Another example, this from the N.T., brings us to yet further understanding of this extreme dichotomy. At the beginning of Jesus’ ministry, he calls the first disciples out of their current way of life. One of these is Simon Peter. Jesus needed separation from the crowds he was teaching. “He saw at the water’s edge two boats, left there by the fishermen, who were washing their nets. He got into one of the boats, the one belonging to Simon, and asked him to put out a little from shore.” (Luke 5:2-3) Afterwards, and not incidentally, he asks Simon to “Put out into deep water, and let down the nets for a catch.” Simon is reluctant, having already worked all night to no avail, but concedes, and “they caught such a large number of fish that their nets began to break. So they signaled their partners in the other boat to come and help them, and they came and filled both boats so full that they began to sink.” (Luke 5:4-7) Simon’s response to this indicates the degree to which he is personally impacted, the clarity of his sudden perception of himself, flawed and weak, reduced to true humility in the face of heaven intervening on earth. “Go away from me, Lord; I am a sinful man!” (Luke 5:8b)

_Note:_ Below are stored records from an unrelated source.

Lemma trnorm_diag_le n (d : 'rV[C]_n) : trnorm (diag_mx d) <= \sum_o `|d 0 o|.
Proof.
set Y := diag_mx d; set P := spectralmx (adjmx Y *m Y).
set lam := spectral_diag (adjmx Y *m Y).
have gram_diag o : (adjmx Y *m Y) o o = `|d 0 o| ^+ 2.
  rewrite mxE (bigD1 o) //= big1 => [|k nk]; last by rewrite !mxE (negPf nk) mulr0n mulr0.
  by rewrite addr0 adjmxE !mxE eqxx mulr1n normCKC.
have gram_spec o : (adjmx Y *m Y) o o = \sum_k `|P k o| ^+ 2 * lam 0 k.
  rewrite {1}(gram_spectralE Y) mxE; apply: eq_bigr => k _.
  by rewrite mul_mx_diag mxE adjmxE normCKC mulrAC.
rewrite /trnorm (eq_bigr (fun k => \sum_o `|P k o| ^+ 2 * sqrtC (lam 0 k))); last first.
  by move=> k _; rewrite -mulr_suml sum_row_spectral_sqr mul1r.
rewrite exchange_big; apply: ler_sum => o _.
set z := \sum_k _.
have z_ge0 : 0 <= z.
  by apply: sumr_ge0 => k _; rewrite mulr_ge0 ?exprn_ge0 ?sqrtC_ge0 ?eigen_gram_ge0.
rewrite -(sqrCK z_ge0) -(sqrCK (normr_ge0 (d 0 o))) ler_sqrtC ?nnegrE ?exprn_ge0 //.
have := @cauchy_schwarz_weighted _ (fun k => `|P k o| ^+ 2) (fun _ => 1)
  (fun k => sqrtC (lam 0 k)) (fun k => exprn_ge0 _ (normr_ge0 _)) (fun _ => rpred1 _)
  (fun k => sqrtC_real (eigen_gram_ge0 Y k)).
rewrite /=; under eq_bigr do rewrite mulr1.
under [X in _ <= X * _]eq_bigr do rewrite expr1n mulr1.
under [X in _ <= _ * X]eq_bigr do rewrite sqrtCK.
by rewrite sum_col_spectral_sqr mul1r -gram_spec gram_diag.
Qed.

End TraceNorm.

Section PolicyAverage.
Variables (C : numClosedFieldType) (O : nat) (A : finType).
Variable pi : seq (A * 'I_O) -> A -> C.

Definition dist_after (h : seq (A * 'I_O)) : Prop :=
  forall x rest, is_distribution (pi (h ++ x :: rest)).

Lemma dist_after_rcons h x : dist_after h -> dist_after (h ++ [:: x]).
Proof. by move=> dist_h y rest; rewrite -catA; apply: dist_h. Qed.

Fixpoint traj_avg n h a (F : seq ('I_O * A) -> C) : C :=
  if n is n'.+1 then
    \sum_(o : 'I_O) \sum_(a' : A) pi (h ++ [:: (a, o)]) a' *
       traj_avg n' (h ++ [:: (a, o)]) a' (fun ws => F ((o, a') :: ws))
  else F [::].

Lemma sum_tupleS (T : finType) n (G : n.+1.-tuple T -> C) :
  \sum_w G w = \sum_x \sum_(w : n.-tuple T) G [tuple of x :: w].
Proof.
rewrite pair_big /= (reindex (fun p : T * n.-tuple T => [tuple of p.1 :: p.2])) /=.
  by apply: eq_bigr => -[x w].
exists (fun w : n.+1.-tuple T => (thead w, [tuple of behead w])).
  by move=> [x w] _ /=; congr pair; apply: val_inj.
by move=> w _; rewrite [RHS]tuple_eta.
Qed.
Section Lindenbaum.
Context {Ag : Type}.
Variable enum : nat -> form Ag.
Hypothesis enum_surj : forall f, exists k, enum k = f.
Variable G : form Ag -> Prop.

Fixpoint lind_chain (n : nat) : form Ag -> Prop :=
  match n with
  | 0 => G
  | S n => fun g => lind_chain n g \/
      (g = enum n /\ consistent (extend (lind_chain n) (enum n))) \/
      (g = Neg (enum n) /\ ~ consistent (extend (lind_chain n) (enum n)))
  end.

Lemma lind_chain_mono n m g : n <= m -> lind_chain n g -> lind_chain m g.
Proof. induction 1; simpl; auto. Qed.

Lemma lind_chain_consistent n : consistent G -> consistent (lind_chain n).
Proof.
  intro C. induction n as [|n IH]; [exact C|]. simpl.
  destruct (classic (consistent (extend (lind_chain n) (enum n)))) as [Cp | Cn].
  - intro D. apply Cp. revert D. apply der_mono.
    intros g [Hg | [[-> _] | [_ Hn]]]; [left; exact Hg | right; reflexivity | contradiction].
  - intro D. apply IH, (der_taut [enum n; Neg (enum n)]).
    + solve_bool.
    + intros g [<-|[<-|[]]].
      * apply der_of_inconsistent_neg. intro Cneg. apply Cneg. revert D. apply der_mono.
        intros g [Hg | [[_ Hp] | [-> _]]]; [left; exact Hg | contradiction | right; reflexivity].
      * exact (der_neg_of_inconsistent Cn).
Qed.

Lemma lind_chain_decides k : lind_chain (S k) (enum k) \/ lind_chain (S k) (Neg (enum k)).
Proof.
  simpl. destruct (classic (consistent (extend (lind_chain k) (enum k)))); tauto.
Qed.

Lemma lind_chain_finite l :
  (forall g, In g l -> exists n, lind_chain n g) -> exists N, forall g, In g l -> lind_chain N g.
Proof.
  intro Hl; induction l as [|g l IH]; [exists 0; intros _ []|].
  destruct IH as [N HN]; [intros h Hh; apply Hl; right; exact Hh|].
  destruct (Hl g (or_introl eq_refl)) as [n Hn].
  exists (max N n). intros h [<-|Hh].
  - apply (@lind_chain_mono n); [lia|exact Hn].
  - apply (@lind_chain_mono N); [lia|auto].
Qed.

While Simon’s nets have hauled in a great catch of fish, Jesus’ net has caught one large fish of great value, one that will glorify God. This story is one which even today speaks to us across the millennium. Job’s story of suffering, similarly, speaks to us regarding the way in which God uses all circumstances to bring about his own purposes. These are the lessons we all need to learn. The way in which God works in our world is indeed ‘higher than our ways,’ and a revelation regarding those differences is something that the Lord has planned in every one of our lives. The place where our own story becomes so radically changed is a holy place, a place where an encounter with God gives us a perspective about life that we’ve never had before—one in which we are no longer the primary inhabitant of the time and circumstance of our story, and something far greater is happening.

Isaiah, confronted with a similar realization, says “Woe to me! I am ruined! For I am a man of unclean lips, and I live among a people of unclean lips, and my eyes have seen the King, the Lord Almighty.” (Isa. 6:4-5) When we intentionally and faithfully engage with God in his story, when we choose to push through a difficult experience with the master of the heavenly realm, not only do we change, but our future changes. Our future changes first in the sense that our hopes change from temporal to eternal, from death to life, from this realm to the highest realm. Our future changes second in linear time; that which has changed us changes our choices, and the immediate future and the near-distant future become populated with practical visions of a life worth our every focused effort. With the Psalmist, we say “The Lord has done this, and it is marvelous in our eyes.” (Psa. 118:23)

Q. Has the Lord shown me holy ground, and have I taken off my sandals?